** Opening Data for this task block **

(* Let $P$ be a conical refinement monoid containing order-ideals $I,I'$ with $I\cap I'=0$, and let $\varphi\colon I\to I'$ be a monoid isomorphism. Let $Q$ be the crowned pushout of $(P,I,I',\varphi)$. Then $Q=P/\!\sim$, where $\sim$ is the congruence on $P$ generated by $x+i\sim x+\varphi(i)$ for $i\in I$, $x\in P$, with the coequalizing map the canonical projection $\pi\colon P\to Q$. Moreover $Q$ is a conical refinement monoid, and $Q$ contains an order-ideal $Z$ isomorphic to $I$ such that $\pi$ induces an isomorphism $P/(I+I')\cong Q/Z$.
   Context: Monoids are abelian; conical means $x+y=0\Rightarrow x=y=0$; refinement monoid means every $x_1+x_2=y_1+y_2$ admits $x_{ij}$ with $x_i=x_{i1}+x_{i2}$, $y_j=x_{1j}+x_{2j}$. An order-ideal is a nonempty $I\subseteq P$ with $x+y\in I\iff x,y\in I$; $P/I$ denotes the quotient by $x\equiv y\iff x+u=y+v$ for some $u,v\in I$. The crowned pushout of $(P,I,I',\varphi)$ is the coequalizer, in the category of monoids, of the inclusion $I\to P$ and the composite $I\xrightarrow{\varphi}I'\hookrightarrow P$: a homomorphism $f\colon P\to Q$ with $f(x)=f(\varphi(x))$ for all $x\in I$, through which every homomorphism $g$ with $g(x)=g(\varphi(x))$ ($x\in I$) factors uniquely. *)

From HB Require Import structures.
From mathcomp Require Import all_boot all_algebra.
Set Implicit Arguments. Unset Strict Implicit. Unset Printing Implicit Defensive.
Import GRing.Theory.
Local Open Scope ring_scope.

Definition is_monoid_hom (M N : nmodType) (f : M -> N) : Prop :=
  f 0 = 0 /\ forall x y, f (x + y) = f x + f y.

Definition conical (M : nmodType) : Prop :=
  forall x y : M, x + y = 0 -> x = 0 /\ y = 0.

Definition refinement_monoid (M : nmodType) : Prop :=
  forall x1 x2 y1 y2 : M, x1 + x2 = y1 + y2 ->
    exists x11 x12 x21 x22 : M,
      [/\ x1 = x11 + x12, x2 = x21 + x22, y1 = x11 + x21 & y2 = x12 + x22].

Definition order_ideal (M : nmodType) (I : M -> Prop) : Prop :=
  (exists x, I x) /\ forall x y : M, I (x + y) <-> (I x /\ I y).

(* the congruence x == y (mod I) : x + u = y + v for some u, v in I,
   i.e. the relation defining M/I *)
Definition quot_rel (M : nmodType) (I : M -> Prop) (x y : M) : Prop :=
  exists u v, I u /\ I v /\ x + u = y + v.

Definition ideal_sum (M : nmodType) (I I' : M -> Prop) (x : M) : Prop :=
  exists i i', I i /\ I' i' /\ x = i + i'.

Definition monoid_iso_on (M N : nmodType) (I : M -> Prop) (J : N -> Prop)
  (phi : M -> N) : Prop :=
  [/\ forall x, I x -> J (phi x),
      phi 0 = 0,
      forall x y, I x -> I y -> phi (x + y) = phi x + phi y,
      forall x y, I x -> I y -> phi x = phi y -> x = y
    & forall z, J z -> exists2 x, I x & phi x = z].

** Closing Data for this task block **
** Opening Data for this task block **

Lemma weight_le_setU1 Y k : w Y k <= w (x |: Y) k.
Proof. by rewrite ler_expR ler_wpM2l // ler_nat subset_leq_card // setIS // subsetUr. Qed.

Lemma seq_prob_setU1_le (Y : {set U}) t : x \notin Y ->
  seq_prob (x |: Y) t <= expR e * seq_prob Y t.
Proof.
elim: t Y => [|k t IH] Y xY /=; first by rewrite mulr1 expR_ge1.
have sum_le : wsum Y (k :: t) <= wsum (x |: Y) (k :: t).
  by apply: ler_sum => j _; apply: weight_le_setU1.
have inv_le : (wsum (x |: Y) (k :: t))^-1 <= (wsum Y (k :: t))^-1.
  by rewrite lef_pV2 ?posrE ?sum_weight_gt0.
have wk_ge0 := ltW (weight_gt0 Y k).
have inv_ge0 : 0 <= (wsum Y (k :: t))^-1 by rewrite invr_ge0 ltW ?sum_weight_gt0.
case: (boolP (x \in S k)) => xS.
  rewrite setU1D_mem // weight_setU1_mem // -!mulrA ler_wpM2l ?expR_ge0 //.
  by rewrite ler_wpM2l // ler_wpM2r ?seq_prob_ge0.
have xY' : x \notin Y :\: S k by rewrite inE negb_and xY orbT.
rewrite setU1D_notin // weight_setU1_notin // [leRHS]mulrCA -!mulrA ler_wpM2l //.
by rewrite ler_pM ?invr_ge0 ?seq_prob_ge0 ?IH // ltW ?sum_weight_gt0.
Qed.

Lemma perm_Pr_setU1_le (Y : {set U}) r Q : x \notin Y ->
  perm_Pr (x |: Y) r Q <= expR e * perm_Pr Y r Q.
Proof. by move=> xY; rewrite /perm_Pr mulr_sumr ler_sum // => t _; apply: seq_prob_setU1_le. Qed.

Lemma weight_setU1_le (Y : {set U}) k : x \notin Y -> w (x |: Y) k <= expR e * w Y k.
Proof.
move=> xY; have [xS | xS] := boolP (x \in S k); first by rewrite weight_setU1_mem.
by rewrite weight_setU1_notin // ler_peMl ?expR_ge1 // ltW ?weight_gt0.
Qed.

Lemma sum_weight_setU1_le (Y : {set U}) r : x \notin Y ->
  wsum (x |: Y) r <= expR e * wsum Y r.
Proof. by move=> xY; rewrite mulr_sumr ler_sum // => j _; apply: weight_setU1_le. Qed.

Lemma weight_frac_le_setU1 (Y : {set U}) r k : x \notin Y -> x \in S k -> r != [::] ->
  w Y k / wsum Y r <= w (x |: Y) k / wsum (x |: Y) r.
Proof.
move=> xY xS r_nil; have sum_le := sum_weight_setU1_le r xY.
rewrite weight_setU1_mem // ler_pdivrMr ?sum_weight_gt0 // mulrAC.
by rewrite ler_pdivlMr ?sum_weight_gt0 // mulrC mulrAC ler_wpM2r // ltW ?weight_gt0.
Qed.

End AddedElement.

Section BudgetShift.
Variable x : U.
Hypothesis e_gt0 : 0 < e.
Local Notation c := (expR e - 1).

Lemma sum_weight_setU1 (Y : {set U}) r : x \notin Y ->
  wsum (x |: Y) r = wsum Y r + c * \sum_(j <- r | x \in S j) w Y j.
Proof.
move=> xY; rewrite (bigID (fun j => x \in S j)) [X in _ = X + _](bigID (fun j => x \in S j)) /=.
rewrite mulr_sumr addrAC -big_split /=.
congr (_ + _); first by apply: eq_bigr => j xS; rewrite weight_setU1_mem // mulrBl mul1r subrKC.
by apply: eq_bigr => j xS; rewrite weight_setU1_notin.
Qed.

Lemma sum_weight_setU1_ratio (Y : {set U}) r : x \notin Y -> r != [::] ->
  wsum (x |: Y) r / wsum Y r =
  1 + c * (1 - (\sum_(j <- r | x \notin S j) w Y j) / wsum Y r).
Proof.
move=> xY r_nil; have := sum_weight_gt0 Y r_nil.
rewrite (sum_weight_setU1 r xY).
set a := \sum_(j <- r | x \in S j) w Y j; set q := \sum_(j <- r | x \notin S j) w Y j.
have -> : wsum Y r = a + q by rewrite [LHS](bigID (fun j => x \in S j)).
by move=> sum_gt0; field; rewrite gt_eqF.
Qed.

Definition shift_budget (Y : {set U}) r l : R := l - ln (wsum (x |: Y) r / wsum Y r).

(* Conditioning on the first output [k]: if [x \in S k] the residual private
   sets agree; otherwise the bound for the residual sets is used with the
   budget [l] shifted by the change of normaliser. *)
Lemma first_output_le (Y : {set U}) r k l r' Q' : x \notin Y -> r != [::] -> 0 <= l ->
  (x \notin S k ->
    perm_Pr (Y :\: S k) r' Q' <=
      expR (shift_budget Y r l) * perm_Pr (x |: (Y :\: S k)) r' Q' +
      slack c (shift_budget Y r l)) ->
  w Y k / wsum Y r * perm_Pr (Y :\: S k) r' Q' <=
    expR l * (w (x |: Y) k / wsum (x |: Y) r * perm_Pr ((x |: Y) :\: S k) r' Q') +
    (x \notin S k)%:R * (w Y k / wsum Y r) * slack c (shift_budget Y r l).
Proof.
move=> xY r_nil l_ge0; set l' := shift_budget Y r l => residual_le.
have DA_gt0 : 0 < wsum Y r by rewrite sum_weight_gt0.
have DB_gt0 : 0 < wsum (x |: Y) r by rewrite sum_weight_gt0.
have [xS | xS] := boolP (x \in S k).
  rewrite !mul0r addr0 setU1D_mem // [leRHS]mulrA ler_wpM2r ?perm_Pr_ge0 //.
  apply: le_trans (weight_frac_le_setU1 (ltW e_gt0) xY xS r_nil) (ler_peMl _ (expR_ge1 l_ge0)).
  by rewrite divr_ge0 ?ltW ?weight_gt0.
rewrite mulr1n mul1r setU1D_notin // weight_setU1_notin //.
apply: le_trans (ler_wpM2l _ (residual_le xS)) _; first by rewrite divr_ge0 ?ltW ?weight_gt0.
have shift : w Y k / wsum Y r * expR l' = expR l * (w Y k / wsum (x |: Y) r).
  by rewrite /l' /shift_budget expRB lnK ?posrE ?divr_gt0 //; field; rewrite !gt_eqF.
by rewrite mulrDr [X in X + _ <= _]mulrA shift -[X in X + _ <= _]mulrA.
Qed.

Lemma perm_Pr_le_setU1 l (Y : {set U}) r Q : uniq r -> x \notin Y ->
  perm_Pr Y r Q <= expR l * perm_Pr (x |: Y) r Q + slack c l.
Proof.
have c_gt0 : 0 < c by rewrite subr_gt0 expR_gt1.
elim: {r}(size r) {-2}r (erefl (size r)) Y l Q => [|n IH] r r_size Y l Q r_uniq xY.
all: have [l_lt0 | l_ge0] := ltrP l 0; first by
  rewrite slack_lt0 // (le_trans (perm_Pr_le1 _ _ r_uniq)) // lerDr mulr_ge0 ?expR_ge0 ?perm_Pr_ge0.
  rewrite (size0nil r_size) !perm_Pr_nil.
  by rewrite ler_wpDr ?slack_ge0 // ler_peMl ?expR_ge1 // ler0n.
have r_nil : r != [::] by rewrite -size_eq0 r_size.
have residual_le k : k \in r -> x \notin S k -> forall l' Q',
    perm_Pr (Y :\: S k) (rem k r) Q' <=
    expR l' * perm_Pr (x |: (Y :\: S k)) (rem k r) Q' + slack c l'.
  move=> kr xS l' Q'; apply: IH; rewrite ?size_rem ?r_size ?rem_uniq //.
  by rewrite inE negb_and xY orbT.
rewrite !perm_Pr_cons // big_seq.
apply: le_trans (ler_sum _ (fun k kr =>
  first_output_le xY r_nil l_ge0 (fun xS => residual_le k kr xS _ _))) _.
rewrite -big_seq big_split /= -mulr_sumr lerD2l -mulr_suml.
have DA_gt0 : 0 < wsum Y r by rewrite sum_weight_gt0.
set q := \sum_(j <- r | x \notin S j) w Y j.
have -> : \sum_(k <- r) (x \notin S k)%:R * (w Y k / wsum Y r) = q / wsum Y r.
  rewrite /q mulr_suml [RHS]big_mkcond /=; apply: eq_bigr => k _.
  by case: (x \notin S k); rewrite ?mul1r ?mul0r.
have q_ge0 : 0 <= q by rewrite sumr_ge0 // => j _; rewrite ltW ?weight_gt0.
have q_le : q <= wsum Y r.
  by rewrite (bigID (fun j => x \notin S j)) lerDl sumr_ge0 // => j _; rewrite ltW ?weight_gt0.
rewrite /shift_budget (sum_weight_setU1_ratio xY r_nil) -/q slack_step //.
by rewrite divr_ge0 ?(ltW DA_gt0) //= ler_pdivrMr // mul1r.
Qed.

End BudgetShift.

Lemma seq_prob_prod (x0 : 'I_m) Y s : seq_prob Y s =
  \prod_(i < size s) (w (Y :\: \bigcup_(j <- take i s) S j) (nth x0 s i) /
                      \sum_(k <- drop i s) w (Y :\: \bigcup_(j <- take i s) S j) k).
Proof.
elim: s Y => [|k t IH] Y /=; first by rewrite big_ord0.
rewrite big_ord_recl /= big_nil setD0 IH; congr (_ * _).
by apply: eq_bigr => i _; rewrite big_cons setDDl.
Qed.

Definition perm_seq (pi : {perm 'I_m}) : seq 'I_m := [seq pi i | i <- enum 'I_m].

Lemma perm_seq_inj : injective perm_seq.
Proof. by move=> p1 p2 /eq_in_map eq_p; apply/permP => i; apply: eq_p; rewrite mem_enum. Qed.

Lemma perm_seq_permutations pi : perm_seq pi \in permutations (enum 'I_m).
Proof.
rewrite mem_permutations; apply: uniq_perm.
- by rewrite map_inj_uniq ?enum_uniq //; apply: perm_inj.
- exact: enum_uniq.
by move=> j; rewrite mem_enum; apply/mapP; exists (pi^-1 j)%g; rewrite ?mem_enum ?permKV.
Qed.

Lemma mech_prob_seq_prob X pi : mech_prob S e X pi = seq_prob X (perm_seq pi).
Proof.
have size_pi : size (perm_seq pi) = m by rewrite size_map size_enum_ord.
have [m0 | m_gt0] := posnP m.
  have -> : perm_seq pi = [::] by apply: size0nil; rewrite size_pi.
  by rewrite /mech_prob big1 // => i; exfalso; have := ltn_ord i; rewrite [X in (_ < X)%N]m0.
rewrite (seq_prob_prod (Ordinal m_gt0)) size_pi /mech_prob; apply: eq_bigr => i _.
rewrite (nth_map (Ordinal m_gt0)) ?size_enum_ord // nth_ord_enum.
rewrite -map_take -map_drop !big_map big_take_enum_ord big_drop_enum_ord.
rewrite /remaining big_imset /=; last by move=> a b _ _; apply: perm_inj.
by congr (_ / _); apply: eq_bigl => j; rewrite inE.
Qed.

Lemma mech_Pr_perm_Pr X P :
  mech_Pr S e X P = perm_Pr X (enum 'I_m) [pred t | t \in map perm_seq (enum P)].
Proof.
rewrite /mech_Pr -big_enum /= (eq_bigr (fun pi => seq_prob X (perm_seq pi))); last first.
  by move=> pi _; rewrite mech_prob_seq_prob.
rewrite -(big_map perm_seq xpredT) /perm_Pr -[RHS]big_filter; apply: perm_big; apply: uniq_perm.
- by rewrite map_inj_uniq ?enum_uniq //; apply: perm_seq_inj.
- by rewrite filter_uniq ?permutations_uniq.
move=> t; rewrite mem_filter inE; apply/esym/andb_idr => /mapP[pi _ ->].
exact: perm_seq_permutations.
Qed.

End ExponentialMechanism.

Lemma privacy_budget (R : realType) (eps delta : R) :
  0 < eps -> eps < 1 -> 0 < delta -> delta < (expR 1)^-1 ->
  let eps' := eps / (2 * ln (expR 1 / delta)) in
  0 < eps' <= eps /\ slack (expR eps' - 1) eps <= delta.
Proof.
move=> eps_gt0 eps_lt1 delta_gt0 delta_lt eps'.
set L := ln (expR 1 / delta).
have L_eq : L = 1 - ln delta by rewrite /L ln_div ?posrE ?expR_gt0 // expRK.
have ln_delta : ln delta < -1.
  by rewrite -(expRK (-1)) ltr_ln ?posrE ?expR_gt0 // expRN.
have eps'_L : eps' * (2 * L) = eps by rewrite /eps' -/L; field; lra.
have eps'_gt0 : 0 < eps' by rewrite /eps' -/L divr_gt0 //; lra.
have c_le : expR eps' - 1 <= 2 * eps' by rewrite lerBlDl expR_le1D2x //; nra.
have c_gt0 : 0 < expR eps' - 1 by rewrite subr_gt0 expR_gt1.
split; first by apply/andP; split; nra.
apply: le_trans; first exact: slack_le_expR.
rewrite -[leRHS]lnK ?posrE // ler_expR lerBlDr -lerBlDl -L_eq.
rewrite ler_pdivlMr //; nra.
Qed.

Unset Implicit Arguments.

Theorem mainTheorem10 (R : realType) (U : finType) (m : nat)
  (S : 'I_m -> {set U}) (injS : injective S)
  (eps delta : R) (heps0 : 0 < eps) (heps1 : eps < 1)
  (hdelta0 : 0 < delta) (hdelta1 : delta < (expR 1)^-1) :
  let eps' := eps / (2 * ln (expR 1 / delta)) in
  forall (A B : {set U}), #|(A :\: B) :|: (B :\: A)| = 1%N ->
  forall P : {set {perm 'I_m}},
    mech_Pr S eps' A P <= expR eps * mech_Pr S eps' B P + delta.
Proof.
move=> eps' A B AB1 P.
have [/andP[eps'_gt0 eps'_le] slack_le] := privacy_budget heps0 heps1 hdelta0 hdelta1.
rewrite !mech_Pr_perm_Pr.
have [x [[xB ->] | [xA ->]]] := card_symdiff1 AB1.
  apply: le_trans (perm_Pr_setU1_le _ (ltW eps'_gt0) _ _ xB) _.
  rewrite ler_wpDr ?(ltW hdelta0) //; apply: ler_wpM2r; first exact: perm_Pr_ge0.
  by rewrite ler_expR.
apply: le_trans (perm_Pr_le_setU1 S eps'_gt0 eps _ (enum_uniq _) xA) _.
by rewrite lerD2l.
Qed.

** Closing Data for this task block **
** Opening Data for this task block **

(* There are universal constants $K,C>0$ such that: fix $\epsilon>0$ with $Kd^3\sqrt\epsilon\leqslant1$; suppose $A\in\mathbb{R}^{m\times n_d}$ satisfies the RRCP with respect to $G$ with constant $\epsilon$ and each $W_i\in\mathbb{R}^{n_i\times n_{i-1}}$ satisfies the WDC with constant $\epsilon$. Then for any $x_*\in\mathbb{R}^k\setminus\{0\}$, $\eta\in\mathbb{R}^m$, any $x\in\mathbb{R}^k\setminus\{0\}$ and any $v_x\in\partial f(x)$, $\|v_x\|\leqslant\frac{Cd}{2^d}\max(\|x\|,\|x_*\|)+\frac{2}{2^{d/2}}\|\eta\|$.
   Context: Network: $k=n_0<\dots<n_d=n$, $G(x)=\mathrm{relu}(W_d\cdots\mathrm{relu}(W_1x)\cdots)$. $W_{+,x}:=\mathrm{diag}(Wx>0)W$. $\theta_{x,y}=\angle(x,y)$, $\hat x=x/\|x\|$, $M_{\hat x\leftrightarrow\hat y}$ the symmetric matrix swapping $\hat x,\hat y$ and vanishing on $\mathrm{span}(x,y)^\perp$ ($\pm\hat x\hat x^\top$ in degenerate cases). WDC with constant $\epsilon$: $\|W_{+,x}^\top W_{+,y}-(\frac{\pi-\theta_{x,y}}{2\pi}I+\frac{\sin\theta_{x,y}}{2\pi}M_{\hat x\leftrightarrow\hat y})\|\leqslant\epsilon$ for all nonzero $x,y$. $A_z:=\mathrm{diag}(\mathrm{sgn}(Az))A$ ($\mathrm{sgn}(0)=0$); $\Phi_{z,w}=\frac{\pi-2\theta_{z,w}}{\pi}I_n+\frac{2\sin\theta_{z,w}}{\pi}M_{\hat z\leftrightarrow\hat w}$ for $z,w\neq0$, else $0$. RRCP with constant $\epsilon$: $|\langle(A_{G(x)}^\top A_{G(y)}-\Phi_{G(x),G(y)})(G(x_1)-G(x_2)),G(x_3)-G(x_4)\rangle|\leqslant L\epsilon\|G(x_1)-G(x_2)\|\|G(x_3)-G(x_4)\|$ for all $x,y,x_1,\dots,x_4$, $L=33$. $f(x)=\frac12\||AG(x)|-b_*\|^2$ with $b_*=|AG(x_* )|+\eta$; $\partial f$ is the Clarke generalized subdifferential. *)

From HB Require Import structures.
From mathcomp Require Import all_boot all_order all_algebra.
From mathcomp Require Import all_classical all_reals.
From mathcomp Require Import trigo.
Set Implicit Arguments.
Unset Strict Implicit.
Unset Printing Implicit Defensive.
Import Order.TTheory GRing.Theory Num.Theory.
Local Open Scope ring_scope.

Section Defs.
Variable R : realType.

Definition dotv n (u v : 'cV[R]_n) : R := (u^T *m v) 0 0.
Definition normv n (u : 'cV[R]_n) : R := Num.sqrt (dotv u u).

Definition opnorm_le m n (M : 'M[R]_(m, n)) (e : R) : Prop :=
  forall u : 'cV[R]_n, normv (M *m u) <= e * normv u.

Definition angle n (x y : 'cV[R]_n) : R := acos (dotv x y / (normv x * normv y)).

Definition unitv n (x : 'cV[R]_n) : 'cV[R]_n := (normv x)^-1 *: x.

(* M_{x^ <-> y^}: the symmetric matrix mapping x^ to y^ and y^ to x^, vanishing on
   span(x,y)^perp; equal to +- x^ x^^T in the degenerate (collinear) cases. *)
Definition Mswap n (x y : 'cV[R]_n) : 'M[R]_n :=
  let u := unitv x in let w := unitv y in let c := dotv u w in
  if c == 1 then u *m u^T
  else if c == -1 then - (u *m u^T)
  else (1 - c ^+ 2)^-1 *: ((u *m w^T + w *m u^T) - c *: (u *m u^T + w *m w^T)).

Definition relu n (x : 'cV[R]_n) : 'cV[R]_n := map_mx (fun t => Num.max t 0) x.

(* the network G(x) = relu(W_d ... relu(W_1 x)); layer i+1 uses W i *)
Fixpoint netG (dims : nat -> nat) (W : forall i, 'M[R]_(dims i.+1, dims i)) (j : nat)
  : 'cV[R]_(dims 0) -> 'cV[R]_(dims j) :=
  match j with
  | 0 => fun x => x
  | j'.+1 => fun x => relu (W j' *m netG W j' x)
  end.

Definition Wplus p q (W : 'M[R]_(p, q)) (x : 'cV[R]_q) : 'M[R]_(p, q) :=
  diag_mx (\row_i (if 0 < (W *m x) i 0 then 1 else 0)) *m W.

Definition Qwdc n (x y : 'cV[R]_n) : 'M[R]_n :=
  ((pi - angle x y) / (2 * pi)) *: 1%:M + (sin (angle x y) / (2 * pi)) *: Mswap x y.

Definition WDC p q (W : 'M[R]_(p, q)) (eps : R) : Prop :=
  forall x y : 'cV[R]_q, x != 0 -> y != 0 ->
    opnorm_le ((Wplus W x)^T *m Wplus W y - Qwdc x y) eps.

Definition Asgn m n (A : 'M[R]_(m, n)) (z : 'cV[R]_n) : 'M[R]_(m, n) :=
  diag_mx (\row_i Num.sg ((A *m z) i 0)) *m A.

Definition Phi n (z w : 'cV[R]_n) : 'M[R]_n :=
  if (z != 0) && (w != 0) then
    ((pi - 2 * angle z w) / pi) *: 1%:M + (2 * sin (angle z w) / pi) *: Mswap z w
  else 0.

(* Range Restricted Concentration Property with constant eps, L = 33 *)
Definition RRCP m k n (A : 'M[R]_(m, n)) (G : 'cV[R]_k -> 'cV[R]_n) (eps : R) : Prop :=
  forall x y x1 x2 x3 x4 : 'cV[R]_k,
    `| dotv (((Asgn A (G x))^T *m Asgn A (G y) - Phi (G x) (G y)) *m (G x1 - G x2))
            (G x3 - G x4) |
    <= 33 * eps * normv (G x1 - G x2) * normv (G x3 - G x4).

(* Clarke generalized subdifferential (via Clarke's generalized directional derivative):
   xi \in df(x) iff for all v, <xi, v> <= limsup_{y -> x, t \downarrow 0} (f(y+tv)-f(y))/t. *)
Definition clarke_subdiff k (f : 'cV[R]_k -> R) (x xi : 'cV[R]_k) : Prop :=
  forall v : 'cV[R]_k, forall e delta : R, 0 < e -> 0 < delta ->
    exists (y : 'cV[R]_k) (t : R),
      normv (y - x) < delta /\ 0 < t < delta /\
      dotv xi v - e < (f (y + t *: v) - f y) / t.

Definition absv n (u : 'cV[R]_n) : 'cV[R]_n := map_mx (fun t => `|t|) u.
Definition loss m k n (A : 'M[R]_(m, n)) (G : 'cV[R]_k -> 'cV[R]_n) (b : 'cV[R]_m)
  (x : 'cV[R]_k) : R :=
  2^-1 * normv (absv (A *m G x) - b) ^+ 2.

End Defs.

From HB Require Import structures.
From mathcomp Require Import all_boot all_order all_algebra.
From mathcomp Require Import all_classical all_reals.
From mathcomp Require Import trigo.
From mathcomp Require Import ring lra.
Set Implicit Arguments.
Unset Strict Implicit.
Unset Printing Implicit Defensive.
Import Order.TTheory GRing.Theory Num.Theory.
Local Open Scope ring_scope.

** Closing Data for this task block **

Only those lines of the entries above that run from the line containing "exists x11 x12" to the line containing "phi x = z].", both included, should be transcribed exactly.

Task answer -
    exists x11 x12 x21 x22 : M,
      [/\ x1 = x11 + x12, x2 = x21 + x22, y1 = x11 + x21 & y2 = x12 + x22].

Definition order_ideal (M : nmodType) (I : M -> Prop) : Prop :=
  (exists x, I x) /\ forall x y : M, I (x + y) <-> (I x /\ I y).

(* the congruence x == y (mod I) : x + u = y + v for some u, v in I,
   i.e. the relation defining M/I *)
Definition quot_rel (M : nmodType) (I : M -> Prop) (x y : M) : Prop :=
  exists u v, I u /\ I v /\ x + u = y + v.

Definition ideal_sum (M : nmodType) (I I' : M -> Prop) (x : M) : Prop :=
  exists i i', I i /\ I' i' /\ x = i + i'.

Definition monoid_iso_on (M N : nmodType) (I : M -> Prop) (J : N -> Prop)
  (phi : M -> N) : Prop :=
  [/\ forall x, I x -> J (phi x),
      phi 0 = 0,
      forall x y, I x -> I y -> phi (x + y) = phi x + phi y,
      forall x y, I x -> I y -> phi x = phi y -> x = y
    & forall z, J z -> exists2 x, I x & phi x = z].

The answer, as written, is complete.